А помню, как сидели мы с нею в первом ряду, и вошла Людмила Мироновна, которая вела у нас древнерусский, еще она была на первой лекции в корсете шейном (после травмы позвоночника). Первая фраза:
— Господи, как вы все красивы!
И смотрит на Георгину, не отрываясь.
Сначала у нас не было ни адреса, ни телефона Георгины. Я пару раз звонила ее сыну, но не застала. На презентации мемуаров филфака его тоже не было: якобы он повез прах с могилы Пушкина на могилу Кюхли (модное прахоложство?).

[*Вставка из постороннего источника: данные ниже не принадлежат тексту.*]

Lemma radLap_ext f g r : (forall x, f x = g x) -> radLap f r = radLap g r.
Proof.
  intros H. unfold radLap. rewrite (Derive_ext f g), (Derive_n_ext f g) by auto. auto.
Qed.

Section RadialProfile.

Variables w h : R -> R.
Hypotheses (Hw : smooth w) (Hew : even_fun w) (Hh : cont h) (Heh : even_fun h).
Hypotheses (Hrad : forall r, 0 < r -> radLap w r = h r) (Hw0 : Derive w 0 = 0).

(* [(r ^ 2 w')' = r ^ 2 radLap w = r ^ 2 h], integrated from [0]. *)
Lemma radial_profile_Derive r : 0 <= r -> Derive w r = r * moment 2 h r.
Proof.
  intros Hr. destruct (Req_dec r 0) as [->|Hne]; [rewrite Hw0; ring|].
  assert (Hd1 : forall x, ex_derive w x) by (intros x; exact (Hw 1%nat x)).
  assert (Hd2 : forall x, ex_derive (Derive w) x).
  { intros x. apply (ex_derive_ext (Derive (fun x => w x))); [intros; apply Derive_ext; auto|].
    exact (Hw 2%nat x). }
  assert (HcB : cont (fun s => s ^ 2 * h s)) by (apply cont_mult; [apply cont_pow | auto]).
  set (psi := fun t => t ^ 2 * Derive w t - RInt (fun s => s ^ 2 * h s) 0 t).
  assert (Hpsi : psi r = psi 0).
  { apply eq_of_is_derive_0.
    - intros x Hx. rewrite Rmin_left, Rmax_right in Hx by lra.
      apply (is_derive_replace _ _ ((2 * x * Derive w x + x ^ 2 * Derive_n w 2 x) - x ^ 2 * h x)).
      { rewrite <- (Hrad x) by lra. unfold radLap. field. lra. }
      apply is_derive_minusR; [|apply (is_derive_RInt_from_0 (fun s => s ^ 2 * h s)); auto].
      apply is_derive_multR; [auto_derive; auto; ring | apply Derive_correct; auto].
    - intros x _. apply cont_minus.
      + apply cont_mult; [apply cont_pow|]. intros y. apply ex_derive_continuousR; auto.
      + intros y. apply ex_derive_continuousR. eexists.
        apply (is_derive_RInt_from_0 (fun s => s ^ 2 * h s)); auto. }
  unfold psi in Hpsi. rewrite RInt_pointR, <- moment_scale in Hpsi by auto.
  apply Rmult_eq_reg_l with (r ^ 2); [|apply pow_nonzero; auto].
  simpl in *. lra.
Qed.

Lemma radial_profile_invLap r : w r = w 0 + invLap h r.
Proof.
  assert (Hpos : forall r, 0 <= r -> w r = w 0 + invLap h r).
  { intros r0 Hr.
    assert (H : w r0 - invLap h r0 = w 0 - invLap h 0).
    { apply (eq_of_is_derive_0 (fun t => w t - invLap h t) 0 r0).
      - intros x Hx. rewrite Rmin_left, Rmax_right in Hx by lra.
        apply (is_derive_replace _ _ (Derive w x - x * moment 2 h x)).
        { rewrite radial_profile_Derive; [ring | lra]. }
        apply is_derive_minusR; [apply Derive_correct, (Hw 1%nat) | apply is_derive_invLap; auto].
      - intros x _. apply cont_minus; [apply smooth_cont; auto | apply cont_invLap; auto]. }
    rewrite invLap_0 in H. lra. }
  destruct (Rle_dec 0 r); [apply Hpos; auto|].
  rewrite <- Hew, <- (invLap_even h Hh Heh r). apply Hpos. lra.
Qed.

End RadialProfile.

(** * The integral formulation of (P) *)

Definition force (u : R -> R) (s : R) : R := - / (u s ^ 3).

(* For a solution of (P), [bilap u], [lap eps u] and [picard k eps u] are [Δ²u], [Δu] and [u],
   each recovered from its Laplacian by [invLap] and its value at [0]. *)
Definition bilap (u : R -> R) (t : R) : R := 1 + invLap (force u) t.
Definition lap (eps : R) (u : R -> R) (s : R) : R := - eps + invLap (bilap u) s.
Definition picard (k eps : R) (u : R -> R) (r : R) : R := k + invLap (lap eps u) r.

Record int_sol (k eps : R) (u : R -> R) : Prop := {
  int_sol_cont : cont u;
  int_sol_even : even_fun u;
  int_sol_pos : forall r, 0 < u r;
  int_sol_fix : forall r, u r = picard k eps u r }.

Lemma force_even u : even_fun u -> even_fun (force u).
Proof. intros He r. unfold force. rewrite He. auto. Qed.

Lemma force_le u1 u2 s : 0 < u2 s -> u2 s <= u1 s -> force u2 s <= force u1 s.
Proof.
  intros H0 H. unfold force. apply Ropp_le_contravar, Rinv_le_contravar.
  - apply pow_lt; auto.
  - apply pow_incr; lra.
Qed.

Lemma Cn_force n u : (forall r, 0 < u r) -> Cn n u -> Cn n (force u).
Proof.
  intros Hp Hu. unfold force.
  apply (Cn_ext n (fun s => -1 * / (u s * (u s * u s)))).
  { intros. simpl. field. specialize (Hp x). lra. }
  apply Cn_mult; [apply Cn_const|]. apply Cn_inv.
  - intros x. specialize (Hp x). apply Rgt_not_eq. repeat apply Rmult_lt_0_compat; lra.
  - apply Cn_mult; auto. apply Cn_mult; auto.
Qed.

Section PositiveProfile.

Variable u : R -> R.
Hypotheses (Hu : cont u) (Hpos : forall r, 0 < u r).

Lemma cont_force : cont (force u).
Proof. apply (Cn_force 0); auto. Qed.

Lemma force_lt_0 s : force u s < 0.
Proof.
  unfold force. assert (0 < / u s ^ 3) by (apply Rinv_0_lt_compat, pow_lt, Hpos). lra.
Qed.

Lemma cont_bilap : cont (bilap u).
Proof. apply cont_plus; [apply cont_const | apply cont_invLap, cont_force]. Qed.

Lemma cont_lap eps : cont (lap eps u).
Proof. apply cont_plus; [apply cont_const | apply cont_invLap, cont_bilap]. Qed.

Lemma cont_picard k eps : cont (picard k eps u).
Proof. apply cont_plus; [apply cont_const | apply cont_invLap, cont_lap]. Qed.

Section Even.

Hypothesis He : even_fun u.

Lemma bilap_even : even_fun (bilap u).
Proof.
  intros t. unfold bilap. f_equal. apply invLap_even; [apply cont_force | apply force_even, He].
Qed.

Lemma lap_even eps : even_fun (lap eps u).
Proof. intros s. unfold lap. f_equal. apply invLap_even; [apply cont_bilap | apply bilap_even]. Qed.

Lemma picard_even k eps : even_fun (picard k eps u).
Proof. intros r. unfold picard. f_equal. apply invLap_even; [apply cont_lap | apply lap_even]. Qed.

End Even.

Lemma bilap_le_1 t : 0 <= t -> bilap u t <= 1.
Proof.
  intros Ht. unfold bilap.
  assert (invLap (force u) t <= 0).
  { apply invLap_le_0; auto; [apply cont_force|]. intros; apply Rlt_le, force_lt_0. }
  lra.
Qed.

Lemma lap_le eps s : 0 <= s -> lap eps u s <= - eps + s ^ 2 / 6.
Proof.
  intros Hs. unfold lap.
  replace (s ^ 2 / 6) with (invLap (fun _ => 1) s) by (rewrite invLap_const; field).
  apply Rplus_le_compat_l, invLap_le; auto; [apply cont_bilap | apply cont_const|].
  intros t Ht. apply bilap_le_1. lra.
Qed.

Lemma picard_le k eps r : 0 <= r -> picard k eps u r <= k - eps * r ^ 2 / 6 + r ^ 4 / 120.
Proof.
  intros Hr. unfold picard.
  assert (invLap (lap eps u) r <= invLap (fun s => - eps + / 6 * s ^ 2) r).
  { apply invLap_le; auto;
      [apply cont_lap | apply cont_plus; [apply cont_const | apply cont_scal, cont_pow]|].
    intros s Hs. replace (- eps + / 6 * s ^ 2) with (- eps + s ^ 2 / 6) by field. apply lap_le. lra. }
  rewrite invLap_quad in H. lra.
Qed.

А я надеялась что-то узнать про нее, но…
И представьте: в ту же ночь звонит сама Георгина:
— Я тебе расскажу про Любимку.
Любимка? Я даже сначала подумала, что речь идет о собаке. Но сразу выяснилось, что это ее сосед по коммуналке.
— Нина, сегодня мы с ним выпили — день рождения. Оказывается, он учился в Суворовском училище как военный сирота. Ну, мы приедем на Новый год, все расскажем. Я хочу показать ему свой Пермь-град. А ты знаешь, как он признался мне в любви — в голом виде! Пришел и: “Мы тебя любим”. Я спрашиваю: кто это — мы? “Я и он (показывает на мужское достоинство)”… Весь он в крыльях: крылья носа такие! Брови тоже, а губы, как крылья ангела. Понимаешь, Суворовское училище, там он напился в самоволке, ну — это же практически лицейское братство, ты меня понимаешь?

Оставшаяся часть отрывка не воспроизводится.